++++ Given entries ++++

Theorem mainTheorem9 (A B : R -> R) (rm rp r0 r1 r2 : R)
  (hA : derivable A) (hB : derivable B)
  (hpos : 0 < rm)
  (hord : rm < r1 /\ r1 < r0 /\ r0 < r2 /\ r2 < rp)
  (hAneg : forall r, rm <= r <= rp -> A r < 0)
  (hbm : A rm ^ 2 + B rm ^ 2 = 1)
  (hbp : A rp ^ 2 + B rp ^ 2 = 1)
  (herg : forall r, rm < r < rp -> A r ^ 2 + B r ^ 2 > 1)
  (hA1 : forall r, rm < r < rp -> (A r = -1 <-> (r = r1 \/ r = r2)))
  (hA12 : forall r, r1 < r < r2 -> A r < -1)
  (hBpos : forall r, rm <= r < r0 -> B r > 0)
  (hB0 : B r0 = 0)
  (hBneg : forall r, r0 < r <= rp -> B r < 0) :
  (forall r, rm < r < r1 -> drho_plus A B r > 0) /\
  (forall r, r1 < r < rp -> drho_plus A B r < 0) /\
  (dphi_plus A B r1 = B r1 / r1 /\ B r1 / r1 > 0) /\
  horizon_plus A B rm rp r1 /\
  (forall rho phi : R -> R,
     plus_traj_on A B (fun t => 0 <= t) rho phi ->
     (forall t, 0 <= t -> rm < rho t < rp) ->
     forall eps, eps > 0 -> exists T, forall t, t >= T -> Rabs (rho t - r1) < eps).
Proof.
destruct hord as (hm1 & h10 & h02 & h2p).
assert (hAr1 : A r1 = -1) by (apply hA1; lra).
assert (hBr1 : 0 < B r1) by (apply hBpos; lra).
assert (hAgt : forall r, rm < r < r1 -> -1 < A r).
{ intros r hr. apply (gt_before_first_hit A (-1) rm r); [lra | | |].
  - intros x _. apply derivable_continuous_pt, hA.
  - assert (0 < B rm) by (apply hBpos; lra). assert (A rm < 0) by (apply hAneg; lra). nra.
  - intros x hx hx1. apply hA1 in hx1; lra. }
assert (hinner : forall r, rm < r < r1 -> drho_plus A B r > 0).
{ intros r hr. apply drho_plus_pos; [apply herg; lra|].
  apply plus_factor_pos; [split; [apply hAgt | apply hAneg]; lra | apply hBpos; lra | apply herg; lra]. }
assert (houter : forall r, r1 < r < rp -> drho_plus A B r < 0).
{ intros r hr. apply drho_plus_neg; [apply herg; lra|].
  destruct (Rlt_or_le r r0) as [hr0|hr0].
  - apply plus_factor_neg_of_lt_m1; [apply hA12 | apply hBpos]; lra.
  - apply plus_factor_neg_of_nonpos; [apply hAneg; lra | | apply herg; lra].
    destruct (Req_dec r r0) as [->|hne]; [lra | apply Rlt_le, hBneg; lra]. }
assert (hrest : drho_plus A B r1 = 0) by (apply drho_plus_A_m1; assumption).
assert (hdphi : dphi_plus A B r1 = B r1 / r1) by (apply dphi_plus_A_m1; [assumption | assumption | lra]).
assert (hw : B r1 / r1 > 0) by (apply Rdiv_lt_0_compat; lra).
split; [exact hinner|]. split; [exact houter|]. split; [split; assumption|]. split.
- apply horizon_plus_of_rest_point; [lra | exact hrest | lra].
- intros rho phi htraj hrange.
  apply (autonomous_cvg_to_rest_point (drho_plus A B) rho rm rp r1); try assumption; [lra | |].
  + intros x hx. apply continuity_pt_drho_plus; [assumption | assumption | apply herg, hx].
  + intros t ht. apply htraj, ht.
Qed.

++++

- What to do
Every entry must appear in the answer, reproduced exactly.

- Written answer
Theorem mainTheorem9 (A B : R -> R) (rm rp r0 r1 r2 : R)
  (hA : derivable A) (hB : derivable B)
  (hpos : 0 < rm)
  (hord : rm < r1 /\ r1 < r0 /\ r0 < r2 /\ r2 < rp)
  (hAneg : forall r, rm <= r <= rp -> A r < 0)
  (hbm : A rm ^ 2 + B rm ^ 2 = 1)
  (hbp : A rp ^ 2 + B rp ^ 2 = 1)
  (herg : forall r, rm < r < rp -> A r ^ 2 + B r ^ 2 > 1)
  (hA1 : forall r, rm < r < rp -> (A r = -1 <-> (r = r1 \/ r = r2)))
  (hA12 : forall r, r1 < r < r2 -> A r < -1)
  (hBpos : forall r, rm <= r < r0 -> B r > 0)
  (hB0 : B r0 = 0)
  (hBneg : forall r, r0 < r <= rp -> B r < 0) :
  (forall r, rm < r < r1 -> drho_plus A B r > 0) /\
  (forall r, r1 < r < rp -> drho_plus A B r < 0) /\
  (dphi_plus A B r1 = B r1 / r1 /\ B r1 / r1 > 0) /\
  horizon_plus A B rm rp r1 /\
  (forall rho phi : R -> R,
     plus_traj_on A B (fun t => 0 <= t) rho phi ->
     (forall t, 0 <= t -> rm < rho t < rp) ->
     forall eps, eps > 0 -> exists T, forall t, t >= T -> Rabs (rho t - r1) < eps).
Proof.
destruct hord as (hm1 & h10 & h02 & h2p).
assert (hAr1 : A r1 = -1) by (apply hA1; lra).
assert (hBr1 : 0 < B r1) by (apply hBpos; lra).
assert (hAgt : forall r, rm < r < r1 -> -1 < A r).
{ intros r hr. apply (gt_before_first_hit A (-1) rm r); [lra | | |].
  - intros x _. apply derivable_continuous_pt, hA.
  - assert (0 < B rm) by (apply hBpos; lra). assert (A rm < 0) by (apply hAneg; lra). nra.
  - intros x hx hx1. apply hA1 in hx1; lra. }
assert (hinner : forall r, rm < r < r1 -> drho_plus A B r > 0).
{ intros r hr. apply drho_plus_pos; [apply herg; lra|].
  apply plus_factor_pos; [split; [apply hAgt | apply hAneg]; lra | apply hBpos; lra | apply herg; lra]. }
assert (houter : forall r, r1 < r < rp -> drho_plus A B r < 0).
{ intros r hr. apply drho_plus_neg; [apply herg; lra|].
  destruct (Rlt_or_le r r0) as [hr0|hr0].
  - apply plus_factor_neg_of_lt_m1; [apply hA12 | apply hBpos]; lra.
  - apply plus_factor_neg_of_nonpos; [apply hAneg; lra | | apply herg; lra].
    destruct (Req_dec r r0) as [->|hne]; [lra | apply Rlt_le, hBneg; lra]. }
assert (hrest : drho_plus A B r1 = 0) by (apply drho_plus_A_m1; assumption).
assert (hdphi : dphi_plus A B r1 = B r1 / r1) by (apply dphi_plus_A_m1; [assumption | assumption | lra]).
assert (hw : B r1 / r1 > 0) by (apply Rdiv_lt_0_compat; lra).
split; [exact hinner|]. split; [exact houter|]. split; [split; assumption|]. split.
- apply horizon_plus_of_rest_point; [lra | exact hrest | lra].
- intros rho phi htraj hrange.
  apply (autonomous_cvg_to_rest_point (drho_plus A B) rho rm rp r1); try assumption; [lra | |].
  + intros x hx. apply continuity_pt_drho_plus; [assumption | assumption | apply herg, hx].
  + intros t ht. apply htraj, ht.
Qed.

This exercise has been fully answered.